I hit Lake Blumenauer at full speed during the deluge last week — hilarity ensued. Is there really a drain there to be unclogged? We’ll have to wait until next July to find out. Stay tuned.

maxD
maxD
1 year ago

Someone needs to hold PBOT to a higher standard when they design and build things. I know consultants often do the design, and construction is contracted out, but PBOT has frequent review during the design phases and their is a dedicated PBOT employee involved with each construction project. There are so many recent examples of truly, objectively BAD design, and terrible construction mistakes that are simply ignored and signed off on by PBOT. I don’t know who would audit them, but it clearly needs to happen. PBOT was once an impressive bureaucracy with knowledgeable, diligent staff, now it is not.

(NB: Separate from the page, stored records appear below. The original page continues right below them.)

(* Pr[A d = 0] for every d of weight w, by sum_weightA_kernel. *)
Definition collision (w : nat) : R := (1 + (1 - 2 * f) ^+ w) ^+ m / 2%:R ^+ m.

Lemma collision0 : collision 0 = 1.
Proof. by rewrite /collision expr0 (_ : 1 + 1 = 2%:R) // divff // expf_neq0 // pnatr_eq0. Qed.

Definition hashP (h : 'M['F_2]_(m, n) * 'cV['F_2]_m) : R := weightA f h.1 * (2%:R ^+ m)^-1.

Local Notation hits x h := ((h.1 *m x + h.2 == 0)%:R : R).

Lemma sum_hashP_hits2 (x y : 'cV['F_2]_n) :
  \sum_h hashP h * (hits x h * hits y h) = collision (hweight (y - x)) * (2%:R ^+ m)^-1.
Proof.
rewrite -(pair_bigA _ (fun A b => hashP (A, b) * (hits x (A, b) * hits y (A, b)))) /=.
have pick_b A : \sum_b hashP (A, b) * (hits x (A, b) * hits y (A, b))
    = hashP (A, 0) * ((A *m (y - x) == 0)%:R).
  rewrite (bigD1 (- (A *m x))) //= subrr eqxx mul1r mulmxBr big1 ?addr0 // => b b_neq.
  by rewrite [A *m x + b]addrC addr_eq0 (negbTE b_neq) mul0r mulr0.
rewrite (eq_bigr _ (fun A _ => pick_b A)) /hashP /= mulrC.
by under eq_bigr do rewrite mulrAC; rewrite -mulr_suml sum_weightA_kernel /collision expr_div_n mulrC.
Qed.

Lemma sum_hashP_hits (x : 'cV['F_2]_n) : \sum_h hashP h * hits x h = (2%:R ^+ m)^-1.
Proof.
have := sum_hashP_hits2 x x; rewrite subrr hweight0 collision0 mul1r => <-.
by apply: eq_bigr => h _; case: (_ == 0); rewrite ?mulr1 ?mulr0.
Qed.

Lemma Sh_hits (T : {set 'cV['F_2]_n}) (h : 'M['F_2]_(m, n) * 'cV['F_2]_m) :
  ((Sh T h.1 h.2)%:R : R) = \sum_(x in T) hits x h.
Proof.
rewrite /Sh -sum1_card natr_sum [LHS]big_mkcond [RHS]big_mkcond /=.
by apply: eq_bigr => x _; rewrite inE; case: (x \in T); case: (_ == 0).
Qed.

Lemma hash_first_moment (T : {set 'cV['F_2]_n}) :
  \sum_h hashP h * (Sh T h.1 h.2)%:R = #|T|%:R * (2%:R ^+ m)^-1.
Proof.
under eq_bigr do rewrite Sh_hits mulr_sumr.
by rewrite exchange_big /= (eq_bigr _ (fun x _ => sum_hashP_hits x)) sumr_const mulr_natl.
Qed.

Lemma hash_second_moment (T : {set 'cV['F_2]_n}) :
  \sum_h hashP h * (Sh T h.1 h.2)%:R ^+ 2
  = \sum_(x in T) \sum_(y in T) collision (hweight (y - x)) * (2%:R ^+ m)^-1.
Proof.
under eq_bigr do rewrite Sh_hits expr2 big_distrlr mulr_sumr.
rewrite exchange_big; apply: eq_bigr => x _ /=.
under eq_bigr do rewrite mulr_sumr.
by rewrite exchange_big; apply: eq_bigr => y _; exact: sum_hashP_hits2.
Qed.

End HashFamily.

Section SmallBias.
Variables (R : realType) (m n : nat) (f : R).
Hypotheses (f_ge0 : 0 <= f) (f_le_half : f <= 2%:R^-1).
Local Notation coll := (collision m f).
Local Notation P := (@hashP R m n f).

Let bias_ge0 : 0 <= 1 - 2 * f. Proof. by move: f_ge0 f_le_half => *; lra. Qed.
Let bias_le1 : 1 - 2 * f <= 1. Proof. by move: f_ge0 => *; lra. Qed.

Lemma collision_ge0 w : 0 <= coll w.
Proof. by rewrite /collision divr_ge0 ?exprn_ge0 ?addr_ge0 ?exprn_ge0. Qed.

Lemma collision_antitone w1 w2 : (w1 <= w2)%N -> coll w2 <= coll w1.
Proof.
move=> le_w; rewrite /collision ler_pM2r ?invr_gt0 ?exprn_gt0 ?ltr0n //.
apply: lerXn2r; rewrite ?nnegrE ?addr_ge0 ?exprn_ge0 // lerD2l.
exact: ler_wiXn2l.
Qed.

Lemma collision_le_layers W (d : 'cV['F_2]_n) : d != 0 ->
  coll (hweight d) <= coll W.+1
    + \sum_(1 <= w < W.+1) (hweight d == w)%:R * (coll w - coll W.+1).
Proof.
move=> d_neq0; have [le_dW | lt_Wd] := leqP (hweight d) W.
  rewrite (bigD1_seq (hweight d)) ?mem_index_iota ?hweight_gt0 ?iota_uniq //=.
  rewrite eqxx mul1r big1 => [|w /negbTE]; last by rewrite eq_sym => ->; rewrite mul0r.
  by rewrite addr0 addrC subrK.
rewrite big_nat big1 ?addr0 => [|w /andP [_ le_wW]]; first exact: collision_antitone.
by rewrite (_ : _ == w = false) ?mul0r //; apply: contraTF lt_Wd => /eqP ->; rewrite -leqNgt.
Qed.

(* A weight-w layer has at most 'C(n, w) vectors and coll is antitone, so the
   worst case fills the lightest layers first. *)
Lemma sum_collision_le W (D : {set 'cV['F_2]_n}) : 0 \notin D ->
  \sum_(d in D) coll (hweight d)
  <= #|D|%:R * coll W.+1 + \sum_(1 <= w < W.+1) 'C(n, w)%:R * (coll w - coll W.+1).
Proof.
move=> D0; have d_neq0 d : d \in D -> d != 0 by apply: contraTneq => ->.
apply: le_trans (ler_sum _ (fun d dD => collision_le_layers W (d_neq0 d dD))) _.
rewrite big_split /= sumr_const mulr_natl lerD2l exchange_big /=.
apply: ler_sum_nat => w /andP [_ le_wW]; rewrite -mulr_suml.
apply: ler_wpM2r; first by rewrite subr_ge0 collision_antitone // ltnW.
apply: le_trans (_ : #|[set d : 'cV['F_2]_n | hweight d == w]|%:R <= _); last first.
  by rewrite ler_nat card_hweight.
rewrite -sum1_card natr_sum [leRHS]big_mkcond [leLHS]big_mkcond /=.
by apply: ler_sum => d _; rewrite inE; case: (d \in D); case: (_ == w).
Qed.

Lemma wstar_spec q :
  (wstar n q <= n)%N /\ (\sum_(1 <= j < (wstar n q).+1) 'C(n, j) <= q.-1)%N.
Proof.
rewrite /wstar; have [|w sum_le ->] := @eq_bigmax_cond _
  (fun w : 'I_n.+1 => \sum_(1 <= j < w.+1) 'C(n, j) <= q.-1)%N (fun w => val w).
  by apply/card_gt0P; exists ord0; rewrite unfold_in /= big_geq.
by split; [rewrite -ltnS ltn_ord | exact: sum_le].
Qed.

Lemma eps_qE q : eps_q n m q f
  = \sum_(1 <= w < (wstar n q).+1) 'C(n, w)%:R * coll w + (rnq n q)%:R * coll (wstar n q).+1.
Proof. by rewrite /eps_q /collision; congr (_ + _); ring. Qed.

Lemma eps_q_ge0 q : 0 <= eps_q n m q f.
Proof. by rewrite eps_qE addr_ge0 ?sumr_ge0 // => *; rewrite mulr_ge0 ?collision_ge0. Qed.

Lemma sum_collision_le_eps q (D : {set 'cV['F_2]_n}) : 0 \notin D -> #|D| = q.-1 ->
  \sum_(d in D) coll (hweight d) <= eps_q n m q f.
Proof.
move=> D0 card_D; apply: le_trans (sum_collision_le (wstar n q) D0) _.
have card_split : #|D| = (\sum_(1 <= w < (wstar n q).+1) 'C(n, w) + rnq n q)%N.
  by rewrite card_D subnKC //; case: (wstar_spec q).
rewrite eps_qE card_split natrD natr_sum mulrDl mulr_suml.
rewrite addrAC -big_split /= (eq_bigr (fun w => 'C(n, w)%:R * coll w)) // => w _.
by rewrite mulrBr addrC subrK.
Qed.

Lemma sum_collision_row (T : {set 'cV['F_2]_n}) x : x \in T ->
  \sum_(y in T) coll (hweight (y - x)) <= 1 + eps_q n m #|T| f.
Proof.
move=> xT; rewrite (bigD1 x) //= subrr hweight0 collision0 lerD2l.
have sub_inj : injective (fun y : 'cV['F_2]_n => y - x) by exact: addIr.
have -> : \sum_(y in T | y != x) coll (hweight (y - x))
    = \sum_(d in [set y - x | y in T :\ x]) coll (hweight d).
  rewrite big_imset /=; last exact: in2W.
  by apply: eq_bigl => y; rewrite in_setD1 andbC.
apply: sum_collision_le_eps.
  by apply/imsetP => -[y]; rewrite in_setD1 => /andP [/negbTE yx _] /eqP; rewrite eq_sym subr_eq0 yx.
by rewrite card_imset // (cardsD1 x T) xT.
Qed.

Lemma hashP_ge0 h : 0 <= P h.
Proof.
rewrite /hashP /weightA mulr_ge0 ?invr_ge0 ?exprn_ge0 ?ler0n // prodr_ge0 // => i _.
rewrite prodr_ge0 // => j _; case: ifP => // _.
by rewrite subr_ge0 (le_trans f_le_half) // invf_le1 ?ler1n.
Qed.

Lemma hash_second_moment_le (T : {set 'cV['F_2]_n}) :
  \sum_h P h * (Sh T h.1 h.2)%:R ^+ 2
  <= (1 + eps_q n m #|T| f) * \sum_h P h * (Sh T h.1 h.2)%:R.
Proof.
rewrite hash_second_moment hash_first_moment mulrCA mulr_natl -sumr_const.
apply: ler_sum => x xT; rewrite -mulr_suml ler_wpM2r ?invr_ge0 ?exprn_ge0 ?ler0n //.
exact: sum_collision_row.
Qed.

Lemma PrSh_ge1E (S : {set 'cV['F_2]_n}) :
  PrSh_ge1 m f S = \sum_h P h * (if (1 <= Sh S h.1 h.2)%N then 1 else 0).
Proof. by rewrite /PrSh_ge1 pair_bigA. Qed.

Lemma PrSh_ge1_subset (T S : {set 'cV['F_2]_n}) : T \subset S ->
  \sum_h P h * (if (1 <= Sh T h.1 h.2)%N then 1 else 0) <= PrSh_ge1 m f S.
Proof.
move=> sub_TS; rewrite PrSh_ge1E; apply: ler_sum => h _; rewrite ler_wpM2l ?hashP_ge0 //.
have le_Sh : (Sh T h.1 h.2 <= Sh S h.1 h.2)%N.
  apply/subset_leq_card/subsetP => x; rewrite !inE => /andP [xT ->].
  by rewrite (subsetP sub_TS).
case: ifP => [ge1 | _]; first by rewrite (leq_trans ge1 le_Sh).
by case: ifP; rewrite ?ler01.
Qed.

End SmallBias.

Theorem lemma3 (R : realType) (n m : nat) (f : R) (S : {set 'cV['F_2]_n}) :
  (1 <= m)%N -> (m <= n)%N -> 0 <= f -> f <= 2%:R^-1 ->
  forall z : nat, (1 <= z)%N -> (z <= 2 ^ n)%N ->
    (1 + 2%:R ^+ (2 * m) * vq n m z f / (z%:R ^+ 2))^-1 > PrSh_ge1 m f S ->
    (#|S| <= z)%N.
Proof.
move=> _ _ f_ge0 f_le_half z z_ge1 _; rewrite leqNgt; apply: contraTN => lt_zS.
have [T sub_TS card_T] := subset_of_card (ltnW lt_zS).
set s := 1 + eps_q n m z f.
have s_gt0 : 0 < s by rewrite ltr_pwDl ?eps_q_ge0.
have := hash_second_moment_le m f_ge0 f_le_half T; rewrite card_T => second_le.
have := second_moment_bound (X := fun h => Sh T h.1 h.2)
  (hashP_ge0 f_ge0 f_le_half) s_gt0 second_le.
rewrite hash_first_moment card_T -ler_pdivrMl // => first_le.
have -> : 1 + 2%:R ^+ (2 * m) * vq n m z f / z%:R ^+ 2 = 2%:R ^+ m * s / z%:R.
  rewrite /vq -/s mulnC exprM; field.
  by rewrite !gt_eqF ?ltr0n ?exprn_gt0 ?ltr0n.
rewrite -leNgt invf_div; apply: le_trans (PrSh_ge1_subset m f_ge0 f_le_half sub_TS).
by rewrite invfM mulrA mulrC.
Qed.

For illustration: the better Naito project deficiencies:

  • puddles in the bike lane (not acceptable for a brand new road). These are not blocked drain puddles, the road simply was not built correctly.
  • concrete aprons extending across the bike lane. This a bad design and construction mistake. There is no need for concrete here- it is painted green, it is not a high use area. The concrete/asphalt interface is difficult to construct because the asphalt needs to be tamped by hand. A waste of resources and project budget. It can be done, but for over half of the occurrences on Naito, the construction was done so poorly there is sharp bump in the bike lane.
  • vegetation was not managed to create acceptable sight-lines to and from the bike lanes at the various parking lots along the route and at the intersection with the path leading to the Steel Bridge.
  • The ramp to the south side of the Hawthorne Bridge (eastbound) is marked for 2-way bike traffic on half the sidewalk (about 4-feet wide) and pedestrians on the other half, This could never happen- there is not enough space. PBOT should have found amore accutrate way to inform pedestrains that the ramp is a shared space instead of using misleading, incorrect street graphics.
  • They hurried to open NAio to cars, but left the bike lanes closed for months, citing “supply chain issues”. The only thing missing was paint and signals. That is very bad scheduling and complete lack of prioritizing bike infrastructure. They could have provisionally opened this bike in the same way they provisionally opened it for cars.
Racer X
Racer X
1 year ago
Reply to  maxD

WHY was the path depressed two vertical curbs? (Any idea?)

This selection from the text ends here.